WHAT THE TASK ASKS:
Reproduce, exactly and in full, only the lines below from the one containing "(forall u v w" through the one containing "Lemma bformBl S".

MATERIAL FOR THIS TASK:
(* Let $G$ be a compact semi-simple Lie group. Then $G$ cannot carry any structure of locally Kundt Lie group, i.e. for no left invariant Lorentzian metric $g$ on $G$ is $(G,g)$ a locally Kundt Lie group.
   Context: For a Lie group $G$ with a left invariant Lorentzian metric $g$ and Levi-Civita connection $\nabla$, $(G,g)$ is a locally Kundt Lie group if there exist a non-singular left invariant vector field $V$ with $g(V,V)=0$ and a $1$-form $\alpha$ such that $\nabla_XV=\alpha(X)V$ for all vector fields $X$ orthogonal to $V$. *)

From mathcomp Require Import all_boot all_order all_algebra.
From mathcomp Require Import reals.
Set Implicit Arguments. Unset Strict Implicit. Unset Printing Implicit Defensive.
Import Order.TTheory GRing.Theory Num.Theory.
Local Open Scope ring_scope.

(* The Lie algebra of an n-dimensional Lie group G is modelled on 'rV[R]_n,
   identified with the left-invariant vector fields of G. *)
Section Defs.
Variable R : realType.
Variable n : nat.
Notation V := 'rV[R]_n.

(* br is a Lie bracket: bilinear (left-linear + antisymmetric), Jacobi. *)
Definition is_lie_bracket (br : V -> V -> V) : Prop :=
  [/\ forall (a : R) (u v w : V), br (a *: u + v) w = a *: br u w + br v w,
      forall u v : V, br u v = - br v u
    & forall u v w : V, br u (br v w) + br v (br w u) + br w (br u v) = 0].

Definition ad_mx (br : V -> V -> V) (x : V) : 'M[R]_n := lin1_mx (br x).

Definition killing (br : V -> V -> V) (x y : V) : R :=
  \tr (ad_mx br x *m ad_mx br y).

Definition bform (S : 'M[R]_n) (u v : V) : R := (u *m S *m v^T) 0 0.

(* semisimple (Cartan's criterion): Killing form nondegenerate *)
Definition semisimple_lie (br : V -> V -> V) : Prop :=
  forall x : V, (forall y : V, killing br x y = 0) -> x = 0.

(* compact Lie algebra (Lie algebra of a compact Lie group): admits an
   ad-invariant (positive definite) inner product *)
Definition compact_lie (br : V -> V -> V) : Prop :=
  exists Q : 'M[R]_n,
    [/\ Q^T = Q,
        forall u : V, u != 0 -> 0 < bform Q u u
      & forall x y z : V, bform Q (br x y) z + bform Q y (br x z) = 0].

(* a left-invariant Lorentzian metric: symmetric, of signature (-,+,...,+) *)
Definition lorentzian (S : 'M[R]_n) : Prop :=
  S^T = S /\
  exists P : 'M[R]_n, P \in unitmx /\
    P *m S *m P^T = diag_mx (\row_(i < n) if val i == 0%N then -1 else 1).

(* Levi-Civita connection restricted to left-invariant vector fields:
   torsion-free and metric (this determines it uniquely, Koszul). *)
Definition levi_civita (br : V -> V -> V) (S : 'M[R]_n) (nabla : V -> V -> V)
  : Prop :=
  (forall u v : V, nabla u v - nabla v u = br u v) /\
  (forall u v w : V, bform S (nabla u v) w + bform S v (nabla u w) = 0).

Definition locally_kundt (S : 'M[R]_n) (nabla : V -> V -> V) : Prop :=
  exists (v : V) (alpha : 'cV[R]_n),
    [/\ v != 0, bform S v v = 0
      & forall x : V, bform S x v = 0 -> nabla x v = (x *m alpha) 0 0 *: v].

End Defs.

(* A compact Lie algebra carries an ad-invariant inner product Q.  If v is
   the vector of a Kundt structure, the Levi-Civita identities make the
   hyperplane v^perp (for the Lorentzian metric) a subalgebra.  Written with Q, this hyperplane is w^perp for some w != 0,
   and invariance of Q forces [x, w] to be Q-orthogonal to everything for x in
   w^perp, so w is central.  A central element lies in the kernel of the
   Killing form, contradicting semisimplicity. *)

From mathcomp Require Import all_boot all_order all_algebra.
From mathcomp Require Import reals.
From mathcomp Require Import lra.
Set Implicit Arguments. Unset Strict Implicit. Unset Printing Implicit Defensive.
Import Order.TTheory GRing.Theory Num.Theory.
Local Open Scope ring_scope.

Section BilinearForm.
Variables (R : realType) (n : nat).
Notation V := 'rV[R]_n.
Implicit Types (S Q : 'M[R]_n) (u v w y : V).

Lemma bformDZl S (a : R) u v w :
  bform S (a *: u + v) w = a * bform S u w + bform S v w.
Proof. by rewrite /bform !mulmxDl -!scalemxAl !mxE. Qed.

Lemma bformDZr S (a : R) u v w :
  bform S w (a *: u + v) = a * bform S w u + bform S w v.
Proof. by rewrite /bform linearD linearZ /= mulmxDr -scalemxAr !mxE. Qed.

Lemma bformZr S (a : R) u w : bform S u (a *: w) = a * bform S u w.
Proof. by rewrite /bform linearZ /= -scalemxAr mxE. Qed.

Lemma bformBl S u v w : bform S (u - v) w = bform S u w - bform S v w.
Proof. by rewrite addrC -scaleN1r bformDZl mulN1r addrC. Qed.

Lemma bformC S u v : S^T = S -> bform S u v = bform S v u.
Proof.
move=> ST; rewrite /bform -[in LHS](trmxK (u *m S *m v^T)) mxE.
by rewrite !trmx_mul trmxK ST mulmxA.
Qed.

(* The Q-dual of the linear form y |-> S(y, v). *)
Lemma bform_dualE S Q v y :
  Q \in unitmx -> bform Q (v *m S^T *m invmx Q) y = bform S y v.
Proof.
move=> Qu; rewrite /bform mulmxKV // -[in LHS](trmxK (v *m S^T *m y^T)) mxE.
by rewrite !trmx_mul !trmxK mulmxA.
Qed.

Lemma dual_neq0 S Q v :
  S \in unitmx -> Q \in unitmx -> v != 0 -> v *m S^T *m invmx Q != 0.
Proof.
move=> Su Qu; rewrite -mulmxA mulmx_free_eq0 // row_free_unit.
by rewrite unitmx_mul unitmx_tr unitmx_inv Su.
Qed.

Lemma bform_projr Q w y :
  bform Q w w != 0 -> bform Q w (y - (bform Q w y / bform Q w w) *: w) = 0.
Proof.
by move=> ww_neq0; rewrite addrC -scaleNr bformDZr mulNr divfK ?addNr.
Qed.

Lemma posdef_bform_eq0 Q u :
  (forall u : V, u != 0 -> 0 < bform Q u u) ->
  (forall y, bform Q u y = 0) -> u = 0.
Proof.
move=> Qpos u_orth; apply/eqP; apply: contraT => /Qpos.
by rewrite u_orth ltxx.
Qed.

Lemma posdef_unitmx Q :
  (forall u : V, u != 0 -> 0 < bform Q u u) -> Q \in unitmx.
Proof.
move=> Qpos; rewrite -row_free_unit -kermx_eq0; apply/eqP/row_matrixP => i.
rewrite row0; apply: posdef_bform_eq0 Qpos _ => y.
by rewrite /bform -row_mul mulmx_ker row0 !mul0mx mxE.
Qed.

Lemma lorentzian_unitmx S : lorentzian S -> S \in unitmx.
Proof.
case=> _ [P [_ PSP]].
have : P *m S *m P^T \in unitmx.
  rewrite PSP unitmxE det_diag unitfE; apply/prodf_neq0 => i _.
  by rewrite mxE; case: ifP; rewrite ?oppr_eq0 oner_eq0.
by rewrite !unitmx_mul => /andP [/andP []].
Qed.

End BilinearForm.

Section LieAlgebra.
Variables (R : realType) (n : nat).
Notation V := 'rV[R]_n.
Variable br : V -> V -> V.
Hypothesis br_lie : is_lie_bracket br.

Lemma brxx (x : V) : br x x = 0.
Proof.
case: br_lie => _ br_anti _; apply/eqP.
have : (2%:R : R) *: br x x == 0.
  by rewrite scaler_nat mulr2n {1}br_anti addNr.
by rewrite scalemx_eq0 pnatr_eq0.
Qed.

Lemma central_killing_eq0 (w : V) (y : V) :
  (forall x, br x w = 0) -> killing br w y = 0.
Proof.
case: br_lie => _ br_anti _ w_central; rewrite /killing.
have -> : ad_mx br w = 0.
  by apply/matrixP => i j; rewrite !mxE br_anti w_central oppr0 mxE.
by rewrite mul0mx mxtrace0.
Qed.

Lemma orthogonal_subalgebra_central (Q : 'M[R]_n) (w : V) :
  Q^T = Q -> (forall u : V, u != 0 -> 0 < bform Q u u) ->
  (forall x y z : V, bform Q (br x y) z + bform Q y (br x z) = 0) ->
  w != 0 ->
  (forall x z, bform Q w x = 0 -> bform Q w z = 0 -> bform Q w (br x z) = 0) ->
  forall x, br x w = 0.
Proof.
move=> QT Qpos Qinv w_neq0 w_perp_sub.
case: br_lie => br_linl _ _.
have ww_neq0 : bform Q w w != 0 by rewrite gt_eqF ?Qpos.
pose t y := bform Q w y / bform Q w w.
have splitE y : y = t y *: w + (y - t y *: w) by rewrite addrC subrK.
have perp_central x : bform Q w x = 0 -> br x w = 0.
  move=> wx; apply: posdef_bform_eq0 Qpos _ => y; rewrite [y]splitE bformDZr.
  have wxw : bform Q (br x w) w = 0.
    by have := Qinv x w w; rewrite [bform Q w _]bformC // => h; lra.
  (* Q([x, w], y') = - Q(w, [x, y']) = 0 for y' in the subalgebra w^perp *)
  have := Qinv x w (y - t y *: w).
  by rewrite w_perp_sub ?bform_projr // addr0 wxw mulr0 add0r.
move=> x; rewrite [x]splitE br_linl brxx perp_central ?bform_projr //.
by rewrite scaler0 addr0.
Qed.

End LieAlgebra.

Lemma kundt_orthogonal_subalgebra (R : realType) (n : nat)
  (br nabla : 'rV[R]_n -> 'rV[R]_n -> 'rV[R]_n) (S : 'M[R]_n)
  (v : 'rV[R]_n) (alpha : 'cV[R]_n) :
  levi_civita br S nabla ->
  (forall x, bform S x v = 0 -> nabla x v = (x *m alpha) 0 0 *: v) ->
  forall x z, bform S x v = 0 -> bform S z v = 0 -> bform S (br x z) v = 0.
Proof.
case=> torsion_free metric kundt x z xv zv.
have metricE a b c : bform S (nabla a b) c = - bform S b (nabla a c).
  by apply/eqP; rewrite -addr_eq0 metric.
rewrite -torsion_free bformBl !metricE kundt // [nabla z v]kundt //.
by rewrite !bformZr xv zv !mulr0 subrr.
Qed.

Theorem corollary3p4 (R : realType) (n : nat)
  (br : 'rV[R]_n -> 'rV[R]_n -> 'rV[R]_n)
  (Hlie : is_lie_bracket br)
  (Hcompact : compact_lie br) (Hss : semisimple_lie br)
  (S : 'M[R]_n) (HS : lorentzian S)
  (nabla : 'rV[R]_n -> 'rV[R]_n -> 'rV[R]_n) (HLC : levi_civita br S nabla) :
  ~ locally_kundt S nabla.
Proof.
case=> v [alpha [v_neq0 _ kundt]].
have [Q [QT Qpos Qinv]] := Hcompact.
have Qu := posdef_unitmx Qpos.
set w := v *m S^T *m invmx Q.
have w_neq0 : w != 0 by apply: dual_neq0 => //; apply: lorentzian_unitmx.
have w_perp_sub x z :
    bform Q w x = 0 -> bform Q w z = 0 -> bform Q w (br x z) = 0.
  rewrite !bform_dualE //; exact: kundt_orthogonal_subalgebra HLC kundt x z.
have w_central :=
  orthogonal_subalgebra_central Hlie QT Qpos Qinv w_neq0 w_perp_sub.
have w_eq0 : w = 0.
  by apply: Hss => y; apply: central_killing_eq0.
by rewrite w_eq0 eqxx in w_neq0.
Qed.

SOLUTION TO THE EXERCISE:
  (forall u v w : V, bform S (nabla u v) w + bform S v (nabla u w) = 0).

Definition locally_kundt (S : 'M[R]_n) (nabla : V -> V -> V) : Prop :=
  exists (v : V) (alpha : 'cV[R]_n),
    [/\ v != 0, bform S v v = 0
      & forall x : V, bform S x v = 0 -> nabla x v = (x *m alpha) 0 0 *: v].

End Defs.

(* A compact Lie algebra carries an ad-invariant inner product Q.  If v is
   the vector of a Kundt structure, the Levi-Civita identities make the
   hyperplane v^perp (for the Lorentzian metric) a subalgebra.  Written with Q, this hyperplane is w^perp for some w != 0,
   and invariance of Q forces [x, w] to be Q-orthogonal to everything for x in
   w^perp, so w is central.  A central element lies in the kernel of the
   Killing form, contradicting semisimplicity. *)

From mathcomp Require Import all_boot all_order all_algebra.
From mathcomp Require Import reals.
From mathcomp Require Import lra.
Set Implicit Arguments. Unset Strict Implicit. Unset Printing Implicit Defensive.
Import Order.TTheory GRing.Theory Num.Theory.
Local Open Scope ring_scope.

Section BilinearForm.
Variables (R : realType) (n : nat).
Notation V := 'rV[R]_n.
Implicit Types (S Q : 'M[R]_n) (u v w y : V).

Lemma bformDZl S (a : R) u v w :
  bform S (a *: u + v) w = a * bform S u w + bform S v w.
Proof. by rewrite /bform !mulmxDl -!scalemxAl !mxE. Qed.

Lemma bformDZr S (a : R) u v w :
  bform S w (a *: u + v) = a * bform S w u + bform S w v.
Proof. by rewrite /bform linearD linearZ /= mulmxDr -scalemxAr !mxE. Qed.

Lemma bformZr S (a : R) u w : bform S u (a *: w) = a * bform S u w.
Proof. by rewrite /bform linearZ /= -scalemxAr mxE. Qed.

Lemma bformBl S u v w : bform S (u - v) w = bform S u w - bform S v w.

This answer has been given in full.